Stem Cell Clinic

CRISPR Therapeutics and ViaCyte, Inc. to Start Clinical Trial of the First Gene-Edited Cell Replacement Therapy for Treatment of Type 1 Diabetes -…

-Initiation of patient enrollment expected by year-end-

ZUG, Switzerland and CAMBRIDGE, Mass. and SAN DIEGO, Nov. 16, 2021 (GLOBE NEWSWIRE) -- CRISPR Therapeutics (NASDAQ: CRSP), a biopharmaceutical company focused on developing transformative gene-based medicines for serious diseases, and ViaCyte, Inc., a clinical-stage regenerative medicine company developing novel cell replacement therapies to address diseases with significant unmet needs, today announced that Health Canada has approved the companies Clinical Trial Application (CTA) for VCTX210, an allogeneic, gene-edited, immune-evasive, stem cell-derived therapy for the treatment of type 1 diabetes (T1D). Initiation of patient enrollment is expected by year-end.

With the approval of our CTA, we are excited to bring a first-in-class CRISPR-edited cell therapy for the treatment of type 1 diabetes to the clinic, an important milestone in enabling a whole new class of gene-edited stem cell-derived medicines, said Samarth Kulkarni, Ph.D., Chief Executive Officer of CRISPR Therapeutics. The combination of ViaCytes leading stem cell capabilities and CRISPR Therapeutics pre-eminent gene-editing platform has the potential to meaningfully impact the lives of patients living with type 1 diabetes.

Being first into the clinic with a gene-edited, immune-evasive cell therapy to treat patients with type 1 diabetes is breaking new ground as it sets a path to potentially broadening the treatable population by eliminating the need for immunosuppression with implanted cell therapies, said Michael Yang, President and Chief Executive Officer of ViaCyte. This approach builds on previous accomplishments by both companies and represents a major step forward for the field as we strive to provide a functional cure for this devastating disease.

The Phase 1 clinical trial of VCTX210 is designed to assess its safety, tolerability, and immune evasion in patients with T1D. This program is being advanced by CRISPR Therapeutics and ViaCyte as part of a strategic collaboration for the discovery, development, and commercialization of gene-edited stem cell therapies for the treatment of diabetes. VCTX210 is an allogeneic, gene-edited, stem cell-derived product developed by applying CRISPR Therapeutics gene-editing technology to ViaCytes proprietary stem cell capabilities and has the potential to enable a beta-cell replacement product that may deliver durable benefit to patients without requiring concurrent immune suppression.

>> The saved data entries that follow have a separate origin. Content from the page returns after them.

(* Let $r>0$, $\mathbf{c}=(c_1,c_2,\dots,c_n)\in\mathbb{R}^n_{\ge0}$ and $\mathbf{c}'=(c_1,0,\dots,0)$. Then $$\mathrm{Vol}\big(C(\mathbf{0},1)\cap C(\mathbf{c},r)\big)\le \mathrm{Vol}\big(C(\mathbf{0},1)\cap C(\mathbf{c}',r)\big).$$
   Context: For $\mathbf{c}\in\mathbb{R}^n$, $r\ge 0$, $C(\mathbf{c},r)=\{\mathbf{x}\in\mathbb{R}^n:\|\mathbf{x}-\mathbf{c}\|_1\le r\}$. *)

(* classical reals.  Points of R^n are functions nat -> R of which
   only the coordinates 0..n-1 are relevant (coordinate i here = c_{i+1} in the paper). *)
From Stdlib Require Import Reals.
Open Scope R_scope.

Fixpoint sumR (n : nat) (f : nat -> R) : R :=
  match n with O => 0 | S m => sumR m f + f m end.

Fixpoint prodR (n : nat) (f : nat -> R) : R :=
  match n with O => 1 | S m => prodR m f * f m end.

Definition norm1 (n : nat) (x : nat -> R) : R := sumR n (fun i => Rabs (x i)).

Definition l1ball (n : nat) (c : nat -> R) (r : R) : (nat -> R) -> Prop :=
  fun x => norm1 n (fun i => x i - c i) <= r.

Definition origin : nat -> R := fun _ => 0.

Definition in_box (n : nat) (a b : nat -> R) (x : nat -> R) : Prop :=
  forall i, (i < n)%nat -> a i <= x i <= b i.
Definition box_vol (n : nat) (a b : nat -> R) : R := prodR n (fun i => b i - a i).

Definition box_cover_sum (n : nat) (S : (nat -> R) -> Prop) (s : R) : Prop :=
  exists a b : nat -> nat -> R,
    (forall j i, (i < n)%nat -> a j i <= b j i) /\
    (forall x, S x -> exists j, in_box n (a j) (b j) x) /\
    infinite_sum (fun j => box_vol n (a j) (b j)) s.

(* v = Vol(S): the Lebesgue (outer) measure of S, i.e. the infimum of the
   total volumes of countable box covers of S. *)
Definition is_volume (n : nat) (S : (nat -> R) -> Prop) (v : R) : Prop :=
  (forall s, box_cover_sum n S s -> v <= s) /\
  (forall w, (forall s, box_cover_sum n S s -> w <= s) -> w <= v).

From Stdlib Require Import Reals Lra Lia FunctionalExtensionality ClassicalEpsilon Classical PropExtensionality.
Open Scope R_scope.

(* The theorem follows by
   replacing the coordinates c_2, ..., c_n of the centre by 0 one at a time, each step not
   decreasing Vol (C(0,1) ∩ C(c,r)).  For the step at coordinate k, reflect in the hyperplane
   x_k = c_k/2: the reflection exchanges the centres 0 and c_k e_k, and the centres c and
   c - c_k e_k.  Let A = C(0,1) ∩ C(c,r) and D = C(0,1) ∩ C(c - c_k e_k, r).  The half of A below
   the hyperplane and the reflection of the half above it both lie in the lower half of D, and
   their intersection is reflected into the upper half of D; inclusion-exclusion, which needs
   the Caratheodory measurability of l1-balls, gives Vol A <= Vol D. *)

Definition sumR_but (n k : nat) (f : nat -> R) : R := sumR n (fun i => if Nat.eqb i k then 0 else f i).
Definition prodR_but (n k : nat) (f : nat -> R) : R := prodR n (fun i => if Nat.eqb i k then 1 else f i).

Lemma sumR_ext n f g : (forall i, (i < n)%nat -> f i = g i) -> sumR n f = sumR n g.
Proof. induction n; simpl; intros H; auto. rewrite IHn, H by (auto; lia); auto. Qed.

Lemma sumR_le n f g : (forall i, (i < n)%nat -> f i <= g i) -> sumR n f <= sumR n g.
Proof.
  induction n; simpl; intros H; [lra|].
  specialize (IHn ltac:(intros; apply H; lia)). specialize (H n ltac:(lia)). lra.
Qed.

Lemma sumR_plus n f g : sumR n (fun i => f i + g i) = sumR n f + sumR n g.
Proof. induction n; simpl; lra. Qed.

Lemma sumR_scal n a f : sumR n (fun i => a * f i) = a * sumR n f.
Proof. induction n; simpl; lra. Qed.

Lemma sumR_const n a : sumR n (fun _ => a) = INR n * a.
Proof. induction n; simpl sumR; [simpl; lra|]. rewrite IHn, S_INR. lra. Qed.

Lemma sumR_nonneg n f : (forall i, (i < n)%nat -> 0 <= f i) -> 0 <= sumR n f.
Proof. intros H. rewrite <- (Rmult_0_r (INR n)), <- sumR_const. apply sumR_le, H. Qed.

Lemma sumR_app a b f : sumR (a + b) f = sumR a f + sumR b (fun i => f (a + i)%nat).
Proof. induction b; simpl; [rewrite Nat.add_0_r; lra|]. rewrite Nat.add_succ_r. simpl. lra. Qed.

Lemma sumR_le_length a b f : (forall i, 0 <= f i) -> (a <= b)%nat -> sumR a f <= sumR b f.
Proof.
  intros H Hab. replace b with (a + (b - a))%nat by lia. rewrite sumR_app.
  assert (0 <= sumR (b - a) (fun i => f (a + i)%nat)) by (apply sumR_nonneg; auto). lra.
Qed.

Lemma sumR_ge_term n f i : (forall j, (j < n)%nat -> 0 <= f j) -> (i < n)%nat -> f i <= sumR n f.
Proof.
  intros H Hi. replace n with (S i + (n - S i))%nat by lia. rewrite sumR_app. simpl.
  assert (0 <= sumR i f) by (apply sumR_nonneg; intros; apply H; lia).
  assert (0 <= sumR (n - S i) (fun j => f (S (i + j)))) by (apply sumR_nonneg; intros; apply H; lia).
  lra.
Qed.

Lemma sumR_extract n k f : (k < n)%nat -> sumR n f = f k + sumR_but n k f.
Proof.
  unfold sumR_but. induction n; intros Hk; [lia|]. simpl. destruct (Nat.eq_dec k n).
  - subst. rewrite Nat.eqb_refl, (sumR_ext n (fun i => if Nat.eqb i n then 0 else f i) f); [lra|].
    intros i Hi. destruct (Nat.eqb_spec i n); [lia|auto].
  - rewrite IHn by lia. destruct (Nat.eqb_spec n k); [lia|]. lra.
Qed.

Lemma sumR_but_le n k f g : (forall i, (i < n)%nat -> i <> k -> f i <= g i) -> sumR_but n k f <= sumR_but n k g.
Proof. intros H. apply sumR_le. intros i Hi. destruct (Nat.eqb_spec i k); [lra|auto]. Qed.

Lemma sumR_but_plus n k f g : sumR_but n k (fun i => f i + g i) = sumR_but n k f + sumR_but n k g.
Proof. unfold sumR_but. rewrite <- sumR_plus. apply sumR_ext. intros i _. destruct (Nat.eqb i k); lra. Qed.

Lemma sumR_but_nonneg n k f : (forall i, (i < n)%nat -> i <> k -> 0 <= f i) -> 0 <= sumR_but n k f.
Proof. intros H. apply sumR_nonneg. intros i Hi. destruct (Nat.eqb_spec i k); [lra|auto]. Qed.

Lemma sumR_but_le_const n k M f : (k < n)%nat -> 0 <= M -> (forall i, (i < n)%nat -> f i <= M) ->
  sumR_but n k f <= INR (n - 1) * M.
Proof.
  intros Hk HM Hf.
  pose proof (sumR_extract n k (fun i => if Nat.eqb i k then M else f i) Hk) as E. cbv beta in E.
  rewrite Nat.eqb_refl in E.
  assert (sumR n (fun i => if Nat.eqb i k then M else f i) <= INR n * M).
  { rewrite <- sumR_const. apply sumR_le. intros i Hi. destruct (Nat.eqb i k); auto; lra. }
  replace (sumR_but n k (fun i => if Nat.eqb i k then M else f i)) with (sumR_but n k f) in E
    by (apply sumR_ext; intros i _; destruct (Nat.eqb i k); auto).
  rewrite minus_INR by lia. simpl INR. lra.
Qed.

Lemma sumR_div_mod J T g : (T <> 0)%nat ->
  sumR (J * T) (fun k => g (k / T)%nat (k mod T)%nat) = sumR J (fun j => sumR T (g j)).
Proof.
  intros HT. induction J; [reflexivity|].
  replace (S J * T)%nat with (J * T + T)%nat by lia. rewrite sumR_app, IHJ. simpl.
  f_equal. apply sumR_ext. intros i Hi. rewrite (Nat.div_add_l J T i HT), Nat.div_small by auto.
  rewrite Nat.add_0_r, Nat.add_comm, Nat.Div0.mod_add, Nat.mod_small; auto.
Qed.

Lemma block_index_div j T m : (m < T)%nat -> ((j * T + m) / T)%nat = j.
Proof. intros H. rewrite Nat.div_add_l, Nat.div_small by lia. lia. Qed.

Lemma block_index_mod j T m : (m < T)%nat -> ((j * T + m) mod T)%nat = m.
Proof. intros H. rewrite Nat.add_comm, Nat.Div0.mod_add. apply Nat.mod_small; auto. Qed.

Lemma prodR_ext n f g : (forall i, (i < n)%nat -> f i = g i) -> prodR n f = prodR n g.
Proof. induction n; simpl; intros H; auto. rewrite IHn, H by (auto; lia); auto. Qed.

Lemma prodR_nonneg n f : (forall i, (i < n)%nat -> 0 <= f i) -> 0 <= prodR n f.
Proof.
  induction n; simpl; intros H; [lra|].
  apply Rmult_le_pos; [apply IHn; intros; apply H; lia | apply H; lia].
Qed.

Lemma prodR_0 n : (0 < n)%nat -> prodR n (fun _ => 0) = 0.
Proof. destruct n; intros; [lia|]. simpl; lra. Qed.

Lemma prodR_extract n k f : (k < n)%nat -> prodR n f = f k * prodR_but n k f.
Proof.
  unfold prodR_but. induction n; intros Hk; [lia|]. simpl. destruct (Nat.eq_dec k n).
  - subst. rewrite Nat.eqb_refl, (prodR_ext n (fun i => if Nat.eqb i n then 1 else f i) f); [lra|].
    intros i Hi. destruct (Nat.eqb_spec i n); [lia|auto].
  - rewrite IHn by lia. destruct (Nat.eqb_spec n k); [lia|]. lra.
Qed.

Lemma prodR_but_nonneg n k f : (forall i, (i < n)%nat -> i <> k -> 0 <= f i) -> 0 <= prodR_but n k f.
Proof. intros H. apply prodR_nonneg. intros i Hi. destruct (Nat.eqb_spec i k); [lra|auto]. Qed.

Lemma prodR_but_div n k w N : (k < n)%nat -> N <> 0 ->
  prodR_but n k (fun i => w i / N) * N ^ (n - 1) = prodR_but n k w.
Proof.
  intros Hk HN.
  assert (Hfull : forall m, prodR m (fun i => w i / N) * N ^ m = prodR m w).
  { induction m; simpl; [lra|]. rewrite <- IHm. field. auto. }
  unfold prodR_but. revert Hk. induction n; intros Hk; [lia|]. simpl prodR. destruct (Nat.eq_dec k n).
  - subst. rewrite Nat.eqb_refl. replace (S n - 1)%nat with n by lia.
    rewrite (prodR_ext n (fun i => if Nat.eqb i n then 1 else w i / N) (fun i => w i / N)),
      (prodR_ext n (fun i => if Nat.eqb i n then 1 else w i) w), <- Hfull; [lra| |];
      intros i Hi; destruct (Nat.eqb_spec i n); auto; lia.
  - destruct (Nat.eqb_spec n k); [lia|]. replace (S n - 1)%nat with (S (n - 1)) by lia. simpl pow.
    rewrite <- IHn by lia. field. auto.
Qed.

Fixpoint digit (N p m : nat) : nat :=
  match p with O => (m mod N)%nat | S p' => digit N p' (m / N)%nat end.

Lemma digits_encode N L (P : nat -> nat -> Prop) : (0 < N)%nat ->
  (forall p, (p < L)%nat -> exists d, (d < N)%nat /\ P p d) ->
  exists m, (m < N ^ L)%nat /\ forall p, (p < L)%nat -> P p (digit N p m).
Proof.
  intros HN. revert P. induction L; intros P HP.
  - exists 0%nat. simpl. split; [lia|]. intros; lia.
  - destruct (HP 0%nat ltac:(lia)) as [d0 [Hd0 Pd0]].
    destruct (IHL (fun p d => P (S p) d)) as [m [Hm Pm]]; [intros p Hp; apply HP; lia|].
    exists (d0 + m * N)%nat. split.
    + simpl. assert (m <= N ^ L - 1)%nat by lia. assert (1 <= N ^ L)%nat by lia. nia.
    + intros [|p] Hp; simpl.
      * rewrite Nat.Div0.mod_add, Nat.mod_small; auto.
      * rewrite Nat.div_add, Nat.div_small by lia. apply Pm. lia.
Qed.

About CRISPR Therapeutics CRISPR Therapeutics is a leading gene editing company focused on developing transformative gene-based medicines for serious diseases using its proprietary CRISPR/Cas9 platform. CRISPR/Cas9 is a revolutionary gene editing technology that allows for precise, directed changes to genomic DNA. CRISPR Therapeutics has established a portfolio of therapeutic programs across a broad range of disease areas including hemoglobinopathies, oncology, regenerative medicine and rare diseases. To accelerate and expand its efforts, CRISPR Therapeutics has established strategic collaborations with leading companies including Bayer, Vertex Pharmaceuticals and ViaCyte, Inc. CRISPR Therapeutics AG is headquartered in Zug, Switzerland, with its wholly-owned U.S. subsidiary, CRISPR Therapeutics, Inc., and R&D operations based in Cambridge, Massachusetts, and business offices in San Francisco, California and London, United Kingdom. For more information, please visit http://www.crisprtx.com.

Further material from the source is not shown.